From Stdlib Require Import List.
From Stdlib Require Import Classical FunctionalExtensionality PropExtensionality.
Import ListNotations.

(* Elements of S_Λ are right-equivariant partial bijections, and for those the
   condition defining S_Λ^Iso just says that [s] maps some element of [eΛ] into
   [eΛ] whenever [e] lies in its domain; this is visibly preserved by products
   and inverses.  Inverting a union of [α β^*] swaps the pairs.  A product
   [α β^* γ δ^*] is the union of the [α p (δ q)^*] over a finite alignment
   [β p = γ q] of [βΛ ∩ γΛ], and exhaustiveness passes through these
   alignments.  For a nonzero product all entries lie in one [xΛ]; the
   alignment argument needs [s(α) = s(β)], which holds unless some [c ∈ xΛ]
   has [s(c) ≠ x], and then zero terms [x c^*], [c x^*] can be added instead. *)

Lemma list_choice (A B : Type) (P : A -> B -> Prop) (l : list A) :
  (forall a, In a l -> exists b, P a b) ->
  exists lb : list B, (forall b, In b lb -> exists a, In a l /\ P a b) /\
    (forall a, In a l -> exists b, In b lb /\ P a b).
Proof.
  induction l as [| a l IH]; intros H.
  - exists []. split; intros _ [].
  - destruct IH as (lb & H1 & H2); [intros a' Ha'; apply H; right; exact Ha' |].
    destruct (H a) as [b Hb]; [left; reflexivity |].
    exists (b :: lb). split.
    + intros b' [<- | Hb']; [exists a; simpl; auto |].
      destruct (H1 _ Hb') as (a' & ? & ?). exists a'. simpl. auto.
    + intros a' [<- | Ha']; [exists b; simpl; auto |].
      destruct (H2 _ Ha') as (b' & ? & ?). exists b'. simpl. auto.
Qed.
::::::
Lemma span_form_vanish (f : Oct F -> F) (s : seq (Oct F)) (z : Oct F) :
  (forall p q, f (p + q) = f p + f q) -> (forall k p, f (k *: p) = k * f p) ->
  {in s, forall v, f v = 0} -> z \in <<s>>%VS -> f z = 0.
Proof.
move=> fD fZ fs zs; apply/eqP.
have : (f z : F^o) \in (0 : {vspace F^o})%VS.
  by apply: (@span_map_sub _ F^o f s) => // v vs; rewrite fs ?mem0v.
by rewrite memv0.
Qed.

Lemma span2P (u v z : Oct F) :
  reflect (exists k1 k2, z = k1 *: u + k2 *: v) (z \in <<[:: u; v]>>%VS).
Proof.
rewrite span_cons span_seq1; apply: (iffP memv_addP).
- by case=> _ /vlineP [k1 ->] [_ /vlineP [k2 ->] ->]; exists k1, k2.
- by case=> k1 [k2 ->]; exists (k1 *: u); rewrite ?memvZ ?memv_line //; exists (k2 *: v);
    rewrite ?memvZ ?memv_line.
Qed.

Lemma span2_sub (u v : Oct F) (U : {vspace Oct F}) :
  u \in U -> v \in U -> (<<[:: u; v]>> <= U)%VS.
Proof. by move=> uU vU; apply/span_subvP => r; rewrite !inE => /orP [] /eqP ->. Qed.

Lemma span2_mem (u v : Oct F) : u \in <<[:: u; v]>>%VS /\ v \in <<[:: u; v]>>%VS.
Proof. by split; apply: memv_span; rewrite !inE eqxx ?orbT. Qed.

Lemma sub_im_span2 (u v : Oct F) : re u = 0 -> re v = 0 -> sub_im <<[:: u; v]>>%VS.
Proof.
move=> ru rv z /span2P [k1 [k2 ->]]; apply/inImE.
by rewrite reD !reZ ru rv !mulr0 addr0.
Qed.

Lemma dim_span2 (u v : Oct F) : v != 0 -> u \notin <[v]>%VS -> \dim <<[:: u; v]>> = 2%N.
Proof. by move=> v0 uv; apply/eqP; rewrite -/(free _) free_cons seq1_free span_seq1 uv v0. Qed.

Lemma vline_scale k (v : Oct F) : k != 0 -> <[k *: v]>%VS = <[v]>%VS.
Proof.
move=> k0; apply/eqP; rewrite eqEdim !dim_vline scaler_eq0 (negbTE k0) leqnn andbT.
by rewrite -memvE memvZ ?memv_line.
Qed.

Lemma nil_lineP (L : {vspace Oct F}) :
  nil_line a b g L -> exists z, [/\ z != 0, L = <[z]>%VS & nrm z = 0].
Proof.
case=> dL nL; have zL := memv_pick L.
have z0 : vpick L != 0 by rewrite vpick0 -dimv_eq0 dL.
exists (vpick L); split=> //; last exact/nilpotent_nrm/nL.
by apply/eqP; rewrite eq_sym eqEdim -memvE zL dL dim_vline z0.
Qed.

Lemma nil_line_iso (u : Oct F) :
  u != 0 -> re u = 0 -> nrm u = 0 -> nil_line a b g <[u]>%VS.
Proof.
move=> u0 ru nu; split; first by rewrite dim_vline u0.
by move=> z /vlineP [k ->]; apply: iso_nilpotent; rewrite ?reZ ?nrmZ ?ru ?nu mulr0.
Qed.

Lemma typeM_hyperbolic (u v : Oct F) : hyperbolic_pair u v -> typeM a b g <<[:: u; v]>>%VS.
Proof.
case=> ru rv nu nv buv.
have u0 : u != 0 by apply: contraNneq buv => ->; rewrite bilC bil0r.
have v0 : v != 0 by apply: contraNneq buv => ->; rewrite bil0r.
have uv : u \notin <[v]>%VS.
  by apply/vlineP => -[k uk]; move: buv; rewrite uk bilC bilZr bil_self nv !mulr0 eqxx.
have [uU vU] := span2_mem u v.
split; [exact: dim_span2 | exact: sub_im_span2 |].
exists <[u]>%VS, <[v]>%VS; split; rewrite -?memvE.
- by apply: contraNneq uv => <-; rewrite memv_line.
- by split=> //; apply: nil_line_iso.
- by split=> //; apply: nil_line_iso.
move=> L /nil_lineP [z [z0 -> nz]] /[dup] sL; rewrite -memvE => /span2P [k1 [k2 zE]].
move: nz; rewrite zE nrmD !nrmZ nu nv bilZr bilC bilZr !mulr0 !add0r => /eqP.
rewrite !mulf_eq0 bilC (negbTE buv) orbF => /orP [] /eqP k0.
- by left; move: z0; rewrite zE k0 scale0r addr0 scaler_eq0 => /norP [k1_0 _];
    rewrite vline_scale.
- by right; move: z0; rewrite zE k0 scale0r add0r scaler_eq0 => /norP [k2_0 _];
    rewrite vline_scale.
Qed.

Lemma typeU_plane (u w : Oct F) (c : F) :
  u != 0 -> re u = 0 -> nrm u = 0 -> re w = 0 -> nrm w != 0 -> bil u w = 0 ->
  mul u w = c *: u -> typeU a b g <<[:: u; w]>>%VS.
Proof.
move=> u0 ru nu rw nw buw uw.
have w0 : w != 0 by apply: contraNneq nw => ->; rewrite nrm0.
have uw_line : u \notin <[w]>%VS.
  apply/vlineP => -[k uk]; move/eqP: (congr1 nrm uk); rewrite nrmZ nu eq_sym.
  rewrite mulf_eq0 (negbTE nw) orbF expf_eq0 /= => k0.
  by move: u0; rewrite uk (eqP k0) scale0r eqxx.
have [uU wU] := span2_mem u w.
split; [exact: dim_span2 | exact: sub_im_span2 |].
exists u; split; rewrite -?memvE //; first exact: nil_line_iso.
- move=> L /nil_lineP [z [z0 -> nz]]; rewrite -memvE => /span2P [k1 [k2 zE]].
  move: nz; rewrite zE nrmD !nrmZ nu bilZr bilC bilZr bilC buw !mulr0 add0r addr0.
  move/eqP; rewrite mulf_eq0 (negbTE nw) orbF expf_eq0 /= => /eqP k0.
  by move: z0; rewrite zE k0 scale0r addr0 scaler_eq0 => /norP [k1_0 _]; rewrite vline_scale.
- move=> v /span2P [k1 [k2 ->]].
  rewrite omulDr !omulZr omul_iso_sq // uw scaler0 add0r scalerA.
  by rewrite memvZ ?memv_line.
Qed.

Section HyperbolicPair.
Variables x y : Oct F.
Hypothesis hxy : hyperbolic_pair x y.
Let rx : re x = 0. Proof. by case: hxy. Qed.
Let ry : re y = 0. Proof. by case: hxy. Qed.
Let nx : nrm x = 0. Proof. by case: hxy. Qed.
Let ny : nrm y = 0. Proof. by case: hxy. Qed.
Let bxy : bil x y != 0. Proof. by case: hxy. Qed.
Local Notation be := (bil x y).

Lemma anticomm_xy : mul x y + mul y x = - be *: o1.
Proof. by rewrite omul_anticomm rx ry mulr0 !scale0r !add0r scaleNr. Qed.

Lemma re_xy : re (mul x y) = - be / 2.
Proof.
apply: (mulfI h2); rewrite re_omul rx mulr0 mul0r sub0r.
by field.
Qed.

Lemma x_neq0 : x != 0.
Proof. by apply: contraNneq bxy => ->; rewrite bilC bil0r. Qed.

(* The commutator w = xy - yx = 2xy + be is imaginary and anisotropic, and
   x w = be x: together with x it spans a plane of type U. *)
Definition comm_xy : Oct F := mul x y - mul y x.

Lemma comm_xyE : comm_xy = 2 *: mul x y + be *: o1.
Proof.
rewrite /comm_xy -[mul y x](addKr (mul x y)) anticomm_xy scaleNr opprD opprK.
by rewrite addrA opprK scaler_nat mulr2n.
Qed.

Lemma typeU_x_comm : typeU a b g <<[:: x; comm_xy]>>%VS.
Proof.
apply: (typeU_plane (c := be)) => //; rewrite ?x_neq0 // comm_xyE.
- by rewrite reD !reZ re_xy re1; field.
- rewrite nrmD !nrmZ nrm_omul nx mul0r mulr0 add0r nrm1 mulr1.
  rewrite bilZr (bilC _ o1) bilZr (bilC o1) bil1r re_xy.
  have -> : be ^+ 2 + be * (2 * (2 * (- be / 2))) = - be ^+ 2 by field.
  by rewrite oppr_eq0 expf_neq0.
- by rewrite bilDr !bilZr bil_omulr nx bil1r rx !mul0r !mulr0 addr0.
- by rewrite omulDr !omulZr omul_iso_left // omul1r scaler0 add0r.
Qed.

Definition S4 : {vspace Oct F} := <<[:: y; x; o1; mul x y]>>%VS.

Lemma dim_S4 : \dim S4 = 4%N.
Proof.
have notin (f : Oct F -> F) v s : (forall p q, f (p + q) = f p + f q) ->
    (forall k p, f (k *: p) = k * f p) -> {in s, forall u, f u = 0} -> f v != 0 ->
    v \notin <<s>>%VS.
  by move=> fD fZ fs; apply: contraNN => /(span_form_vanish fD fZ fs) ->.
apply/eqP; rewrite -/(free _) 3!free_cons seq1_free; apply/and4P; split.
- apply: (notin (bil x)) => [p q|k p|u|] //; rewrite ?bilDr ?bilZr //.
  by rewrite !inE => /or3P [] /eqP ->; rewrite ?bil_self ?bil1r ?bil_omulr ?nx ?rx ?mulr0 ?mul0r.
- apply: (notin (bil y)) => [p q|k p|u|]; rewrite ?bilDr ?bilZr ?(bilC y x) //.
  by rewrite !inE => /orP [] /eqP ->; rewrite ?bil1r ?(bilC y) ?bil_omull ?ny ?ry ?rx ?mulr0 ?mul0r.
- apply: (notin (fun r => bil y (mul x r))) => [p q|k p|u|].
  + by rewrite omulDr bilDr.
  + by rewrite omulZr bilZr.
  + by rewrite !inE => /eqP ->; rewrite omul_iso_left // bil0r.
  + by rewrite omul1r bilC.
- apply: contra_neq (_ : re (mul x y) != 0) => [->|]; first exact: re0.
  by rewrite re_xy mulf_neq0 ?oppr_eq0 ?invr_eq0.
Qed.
::::::
> WHAT YOU HAVE TO DO
Copy word for word the stretch of entries above from the line that has "Let nx : nrm x = 0. Proof. by case: hxy. Qed." through the line that has "v \notin <<s>>%VS.", both ends included, and nothing outside it.

> SOLUTION TO THIS EXERCISE
Let nx : nrm x = 0. Proof. by case: hxy. Qed.
Let ny : nrm y = 0. Proof. by case: hxy. Qed.
Let bxy : bil x y != 0. Proof. by case: hxy. Qed.
Local Notation be := (bil x y).

Lemma anticomm_xy : mul x y + mul y x = - be *: o1.
Proof. by rewrite omul_anticomm rx ry mulr0 !scale0r !add0r scaleNr. Qed.

Lemma re_xy : re (mul x y) = - be / 2.
Proof.
apply: (mulfI h2); rewrite re_omul rx mulr0 mul0r sub0r.
by field.
Qed.

Lemma x_neq0 : x != 0.
Proof. by apply: contraNneq bxy => ->; rewrite bilC bil0r. Qed.

(* The commutator w = xy - yx = 2xy + be is imaginary and anisotropic, and
   x w = be x: together with x it spans a plane of type U. *)
Definition comm_xy : Oct F := mul x y - mul y x.

Lemma comm_xyE : comm_xy = 2 *: mul x y + be *: o1.
Proof.
rewrite /comm_xy -[mul y x](addKr (mul x y)) anticomm_xy scaleNr opprD opprK.
by rewrite addrA opprK scaler_nat mulr2n.
Qed.

Lemma typeU_x_comm : typeU a b g <<[:: x; comm_xy]>>%VS.
Proof.
apply: (typeU_plane (c := be)) => //; rewrite ?x_neq0 // comm_xyE.
- by rewrite reD !reZ re_xy re1; field.
- rewrite nrmD !nrmZ nrm_omul nx mul0r mulr0 add0r nrm1 mulr1.
  rewrite bilZr (bilC _ o1) bilZr (bilC o1) bil1r re_xy.
  have -> : be ^+ 2 + be * (2 * (2 * (- be / 2))) = - be ^+ 2 by field.
  by rewrite oppr_eq0 expf_neq0.
- by rewrite bilDr !bilZr bil_omulr nx bil1r rx !mul0r !mulr0 addr0.
- by rewrite omulDr !omulZr omul_iso_left // omul1r scaler0 add0r.
Qed.

Definition S4 : {vspace Oct F} := <<[:: y; x; o1; mul x y]>>%VS.

Lemma dim_S4 : \dim S4 = 4%N.
Proof.
have notin (f : Oct F -> F) v s : (forall p q, f (p + q) = f p + f q) ->
    (forall k p, f (k *: p) = k * f p) -> {in s, forall u, f u = 0} -> f v != 0 ->
    v \notin <<s>>%VS.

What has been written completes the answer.